# Dimming Aquarium Lights



## rf53

I have a glass top and a single tube fluorescent light strip over the aquarium. I am certain that the light (15w) is too bright and I want to find a way to dim it. I have read that you can't dim fluorescent bulbs, but even if that is wrong, I am looking for a low cost solution.

Right now the only thing I can think of is to put some window tint film over the area of the glass top where the light strip sits. Another solution might be to cut out a plastic strip of colored plastic and attach it to the bottom of the light strip. Since fluorescent light runs pretty cool there would be little chance of melting the film or plastic.

Has anyone out there tackled this issue? If so, what did you do?


----------



## stoopkid

You are correct, attempting to dim a florescent bulb will only shorten it's lifespan and burn our the ballast.

Keep in mind that regardless of how cool the lights run, any light that is not allowed to escape is going to be converted into heat, the light doesn't just go away. If you do try to filter the light, I would pay close attention to it for a while to make sure no parts are overheating.
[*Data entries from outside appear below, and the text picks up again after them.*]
(* Let $E$ be a topological vector space with a fundamental sequence of bounded sets. If $E$ has property (PS), then $E$ has countable $cs^\ast$-character.
   Context: A fundamental sequence of bounded sets is a sequence $(B_n)$ of bounded sets such that every bounded set lies in some $B_n$. A topological (additive) group has property (PS) if for every sequence $(g_n)$ converging to $0$ there are strictly increasing sequences $(m_k),(n_k)$ of natural numbers with $m_kg_{n_k}\to0$. A family $\mathcal{N}$ of subsets of $X$ is a $cs^\ast$-network at $x$ if for each sequence $(x_n)$ converging to $x$ and each neighborhood $O_x$ of $x$ there is $N\in\mathcal{N}$ with $x\in N\subseteq O_x$ and $\{n:x_n\in N\}$ infinite; the $cs^\ast$-character of $X$ is the supremum over $x\in X$ of the least cardinality of a $cs^\ast$-network at $x$. *)

From Stdlib Require Import Reals.
Open Scope R_scope.

(** No separation axiom. *)
Record TVS := {
  carrier :> Type;
  vadd : carrier -> carrier -> carrier;
  vopp : carrier -> carrier;
  vzero : carrier;
  vscal : R -> carrier -> carrier;
  vadd_assoc : forall x y z, vadd x (vadd y z) = vadd (vadd x y) z;
  vadd_comm : forall x y, vadd x y = vadd y x;
  vadd_0 : forall x, vadd x vzero = x;
  vadd_opp : forall x, vadd x (vopp x) = vzero;
  vscal_assoc : forall a b x, vscal a (vscal b x) = vscal (a * b) x;
  vscal_1 : forall x, vscal 1 x = x;
  vscal_distr_v : forall a x y, vscal a (vadd x y) = vadd (vscal a x) (vscal a y);
  vscal_distr_s : forall a b x, vscal (a + b) x = vadd (vscal a x) (vscal b x);
  is_open : (carrier -> Prop) -> Prop;
  open_full : is_open (fun _ => True);
  open_inter : forall U V, is_open U -> is_open V -> is_open (fun x => U x /\ V x);
  open_union : forall (F : (carrier -> Prop) -> Prop),
      (forall U, F U -> is_open U) -> is_open (fun x => exists U, F U /\ U x);
  vadd_cont : forall x y W, is_open W -> W (vadd x y) ->
      exists U V, is_open U /\ is_open V /\ U x /\ V y /\
        (forall u v, U u -> V v -> W (vadd u v));
  vscal_cont : forall a x W, is_open W -> W (vscal a x) ->
      exists eps U, eps > 0 /\ is_open U /\ U x /\
        (forall b u, Rabs (b - a) < eps -> U u -> W (vscal b u))
}.

Section Defs.
Variable E : TVS.

Definition nbhd (x : E) (O : E -> Prop) : Prop :=
  exists U, is_open E U /\ U x /\ (forall y, U y -> O y).

Definition converges (s : nat -> E) (x : E) : Prop :=
  forall O, nbhd x O -> exists N, forall n, (n >= N)%nat -> O (s n).

Definition bounded (B : E -> Prop) : Prop :=
  forall V, nbhd (vzero E) V ->
    exists s, s > 0 /\ forall t, t > s -> forall b, B b ->
      exists v, V v /\ b = vscal E t v.

Definition subset (A B : E -> Prop) : Prop := forall x, A x -> B x.

Definition fundamental_bounded_seq (B : nat -> E -> Prop) : Prop :=
  (forall n, bounded (B n)) /\
  (forall A, bounded A -> exists n, subset A (B n)).

Definition has_fundamental_bounded_seq : Prop :=
  exists B, fundamental_bounded_seq B.

Definition strictly_increasing (m : nat -> nat) : Prop :=
  forall k, (m k < m (S k))%nat.

Definition property_PS : Prop :=
  forall g : nat -> E, converges g (vzero E) ->
    exists m n : nat -> nat, strictly_increasing m /\ strictly_increasing n /\
      converges (fun k => vscal E (INR (m k)) (g (n k))) (vzero E).

Definition cs_star_network_at (x : E) (N : (E -> Prop) -> Prop) : Prop :=
  forall (s : nat -> E) (O : E -> Prop), converges s x -> nbhd x O ->
    exists A, N A /\ A x /\ subset A O /\
      (forall M, exists n, (n >= M)%nat /\ A (s n)).

Definition countable_family (N : (E -> Prop) -> Prop) : Prop :=
  exists f : nat -> (E -> Prop), forall A, N A -> exists n, A = f n.

Definition countable_cs_star_character : Prop :=
  forall x : E, exists N, countable_family N /\ cs_star_network_at x N.

End Defs.

(** Translating by [x], a sequence [s -> x] gives a null sequence [g = s - x].
    Property (PS) makes some [m_k g_(n_k)] null, hence bounded, hence contained
    in a member [B_a] of the fundamental sequence.  So infinitely many [s_n]
    lie in [x + U_(m >= M) m^-1 B_a], and these sets, indexed by the countably
    many pairs [(a, M)], shrink into any neighbourhood of [x] as [M] grows
    because [B_a] is bounded. *)
From Pilot Require Import Defs.
From Stdlib Require Import Reals Lra Lia Cantor.

Section TVSFacts.
Variable E : TVS.

Definition vsub (y x : E) : E := vadd E y (vopp E x).

Lemma vsub_addK (y x : E) : vadd E (vsub y x) x = y.
Proof.
  unfold vsub. rewrite <- vadd_assoc, (vadd_comm E (vopp E x) x), vadd_opp.
  apply vadd_0.
Qed.

Lemma vscal_0_l (z : E) : vscal E 0 z = vzero E.
Proof.
  assert (Hdouble : vscal E 0 z = vadd E (vscal E 0 z) (vscal E 0 z)).
  { rewrite <- vscal_distr_s. f_equal. ring. }
  assert (Hcancel : vadd E (vscal E 0 z) (vopp E (vscal E 0 z)) =
    vadd E (vadd E (vscal E 0 z) (vscal E 0 z)) (vopp E (vscal E 0 z)))
    by (rewrite <- Hdouble; reflexivity).
  rewrite <- vadd_assoc, vadd_opp, vadd_0 in Hcancel. congruence.
Qed.

Lemma vscal_invK (t : R) (z : E) : t <> 0 -> vscal E t (vscal E (/ t) z) = z.
Proof. intros. rewrite vscal_assoc, Rinv_r by assumption. apply vscal_1. Qed.

Lemma vscal_Kinv (t : R) (z : E) : t <> 0 -> vscal E (/ t) (vscal E t z) = z.
Proof. intros. rewrite vscal_assoc, Rinv_l by assumption. apply vscal_1. Qed.

Lemma Rabs_inv_lt (eps t : R) : eps > 0 -> t > / eps -> Rabs (/ t - 0) < eps.
Proof.
  intros Heps Ht.
  assert (Hinv : / eps > 0) by (apply Rinv_0_lt_compat; assumption).
  rewrite Rminus_0_r, Rabs_pos_eq by (left; apply Rinv_0_lt_compat; lra).
  rewrite <- (Rinv_inv eps).
  apply Rinv_lt_contravar; [apply Rmult_lt_0_compat; lra | assumption].
Qed.

Lemma vscal_inv_large (U : E -> Prop) (z : E) :
  is_open E U -> U (vzero E) ->
  exists r U', r > 0 /\ is_open E U' /\ U' z /\
    forall t u, t > r -> U' u -> U (vscal E (/ t) u).
Proof.
  intros HU HU0.
  assert (Hz : U (vscal E 0 z)) by (rewrite vscal_0_l; assumption).
  destruct (vscal_cont E 0 z U HU Hz) as [eps [U' [Heps [HU' [HU'z Hc]]]]].
  exists (/ eps), U'. repeat split; try assumption.
  - apply Rinv_0_lt_compat. assumption.
  - intros t u Ht Hu. apply Hc; [apply Rabs_inv_lt|]; assumption.
Qed.

Lemma finite_family_absorbed (h : nat -> E) (U : E -> Prop) :
  is_open E U -> U (vzero E) -> forall N,
  exists r, r > 0 /\ forall k t, (k < N)%nat -> t > r -> U (vscal E (/ t) (h k)).
Proof.
  intros HU HU0 N. induction N as [|N [r [Hr IH]]].
  - exists 1. split; [lra | intros; lia].
  - destruct (vscal_inv_large U (h N) HU HU0) as [r' [U' [Hr' [_ [HhN Hc]]]]].
    exists (Rmax r r'). split; [apply Rlt_le_trans with r; [|apply Rmax_l]; assumption|].
    intros k t Hk Ht.
    destruct (Nat.eq_dec k N) as [->|Hne].
    + apply Hc; [apply Rle_lt_trans with (Rmax r r'); [apply Rmax_r|]|]; assumption.
    + apply IH; [lia | apply Rle_lt_trans with (Rmax r r'); [apply Rmax_l|assumption]].
Qed.

Lemma bounded_range_of_null (h : nat -> E) :
  converges E h (vzero E) -> Defs.bounded E (fun y => exists k, y = h k).
Proof.
  intros Hh V [U [HU [HU0 HUV]]].
  destruct (vscal_inv_large U (vzero E) HU HU0) as [r [U' [Hr [HU' [HU'0 Hc]]]]].
  destruct (Hh U') as [N HN]; [exists U'; repeat split; auto|].
  destruct (finite_family_absorbed h U HU HU0 N) as [r' [Hr' Hfin]].
  exists (Rmax r r'). split; [apply Rlt_le_trans with r; [|apply Rmax_l]; assumption|].
  intros t Ht y [k ->].
  assert (Htr : t > r) by (apply Rle_lt_trans with (Rmax r r'); [apply Rmax_l|assumption]).
  assert (Htr' : t > r') by (apply Rle_lt_trans with (Rmax r r'); [apply Rmax_r|assumption]).
  exists (vscal E (/ t) (h k)). split.
  - apply HUV. destruct (Compare_dec.le_lt_dec N k) as [Hk|Hk].
    + apply Hc; [|apply HN]; assumption.
    + apply Hfin; assumption.
  - rewrite vscal_invK; [reflexivity | lra].
Qed.

Lemma converges_vsub (s : nat -> E) (x : E) :
  converges E s x -> converges E (fun k => vsub (s k) x) (vzero E).
Proof.
  intros Hs O [U [HU [HU0 HUO]]].
  assert (Hx : U (vadd E x (vopp E x))) by (rewrite vadd_opp; assumption).
  destruct (vadd_cont E x (vopp E x) U HU Hx) as [U1 [V1 [HU1 [_ [HU1x [HV1 Hc]]]]]].
  destruct (Hs U1) as [N HN]; [exists U1; repeat split; auto|].
  exists N. intros n Hn. apply HUO, Hc; [apply HN|]; assumption.
Qed.

Lemma nbhd_translate_0 (x : E) (O : E -> Prop) :
  nbhd E x O -> nbhd E (vzero E) (fun z => O (vadd E z x)).
Proof.
  intros [U [HU [HUx HUO]]].
  assert (H0x : U (vadd E (vzero E) x)) by (rewrite vadd_comm, vadd_0; assumption).
  destruct (vadd_cont E (vzero E) x U HU H0x) as [U1 [V1 [HU1 [_ [HU10 [HV1 Hc]]]]]].
  exists U1. repeat split; try assumption.
  intros z Hz. apply HUO, Hc; assumption.
Qed.

(** [x + U_(m >= M) m^-1 A], where [0^-1 A] stands for [{z | 0 \in A}]. *)
Definition scaled_difference_set (A : E -> Prop) (x : E) (M : nat) : E -> Prop :=
  fun y => y = x \/ exists m, (m >= M)%nat /\ A (vscal E (INR m) (vsub y x)).

Lemma scaled_difference_set_sub (A O : E -> Prop) (x : E) :
  Defs.bounded E A -> nbhd E x O -> exists M, subset E (scaled_difference_set A x M) O.
Proof.
  intros HA HO.
  destruct (HA _ (nbhd_translate_0 x O HO)) as [r [Hr Habs]].
  destruct (INR_unbounded r) as [M HM].
  exists M. intros y [->|[m [Hm HAm]]].
  - destruct HO as [U [_ [HUx HUO]]]. apply HUO. assumption.
  - assert (HmM : INR m >= INR M) by (apply Rle_ge, le_INR; lia).
    destruct (Habs (INR m) ltac:(lra) _ HAm) as [v [Hv Heq]].
    assert (Hyx : vsub y x = v).
    { rewrite <- (vscal_Kinv (INR m) (vsub y x)) by lra.
      rewrite Heq. apply vscal_Kinv. lra. }
    rewrite <- (vsub_addK y x), Hyx. assumption.
Qed.

Lemma strictly_increasing_ge (m : nat -> nat) :
  strictly_increasing m -> forall k, (k <= m k)%nat.
Proof. intros Hm k. induction k; [lia|]. specialize (Hm k). lia. Qed.

Lemma scaled_difference_set_frequent (A : E -> Prop) (s : nat -> E) (x : E)
    (m n : nat -> nat) :
  strictly_increasing m -> strictly_increasing n ->
  (forall k, A (vscal E (INR (m k)) (vsub (s (n k)) x))) ->
  forall M M', exists j, (j >= M')%nat /\ scaled_difference_set A x M (s j).
Proof.
  intros Hm Hn HA M M'.
  pose proof (strictly_increasing_ge m Hm (max M M')).
  pose proof (strictly_increasing_ge n Hn (max M M')).
  exists (n (max M M')). split; [lia|].
  right. exists (m (max M M')). split; [lia | apply HA].
Qed.

End TVSFacts.

Lemma countable_family_indexed2 (E : TVS) (F : nat -> nat -> E -> Prop) :
  countable_family E (fun A => exists a M, A = F a M).
Proof.
  exists (fun p => F (fst (of_nat p)) (snd (of_nat p))).
  intros A [a [M ->]]. exists (to_nat (a, M)). rewrite cancel_of_to. reflexivity.
Qed.

Theorem mainTheorem13 (E : TVS) :
  has_fundamental_bounded_seq E -> property_PS E -> countable_cs_star_character E.
Proof.
  intros [B [HBbounded HBfund]] HPS x.
  exists (fun A => exists a M, A = scaled_difference_set E (B a) x M).
  split; [apply countable_family_indexed2|].
  intros s O Hs HO.
  destruct (HPS _ (converges_vsub E s x Hs)) as [m [n [Hm [Hn Hnull]]]].
  destruct (HBfund _ (bounded_range_of_null E _ Hnull)) as [a Ha].
  destruct (scaled_difference_set_sub E (B a) O x (HBbounded a) HO) as [M HM].
  exists (scaled_difference_set E (B a) x M).
  split; [eauto|]. split; [left; reflexivity|]. split; [assumption|].
  apply (scaled_difference_set_frequent E (B a) s x m n Hm Hn).
  intros k. apply Ha. exists k. reflexivity.
Qed.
Make sure you are not covering any ventilation.


----------



## rf53

stoopkid said:


> You are correct, attempting to dim a florescent bulb will only shorten it's lifespan and burn our the ballast.
> 
> Keep in mind that regardless of how cool the lights run, any light that is not allowed to escape is going to be converted into heat, the light doesn't just go away. If you do try to filter the light, I would pay close attention to it for a while to make sure no parts are overheating. Make sure you are not covering any ventilation.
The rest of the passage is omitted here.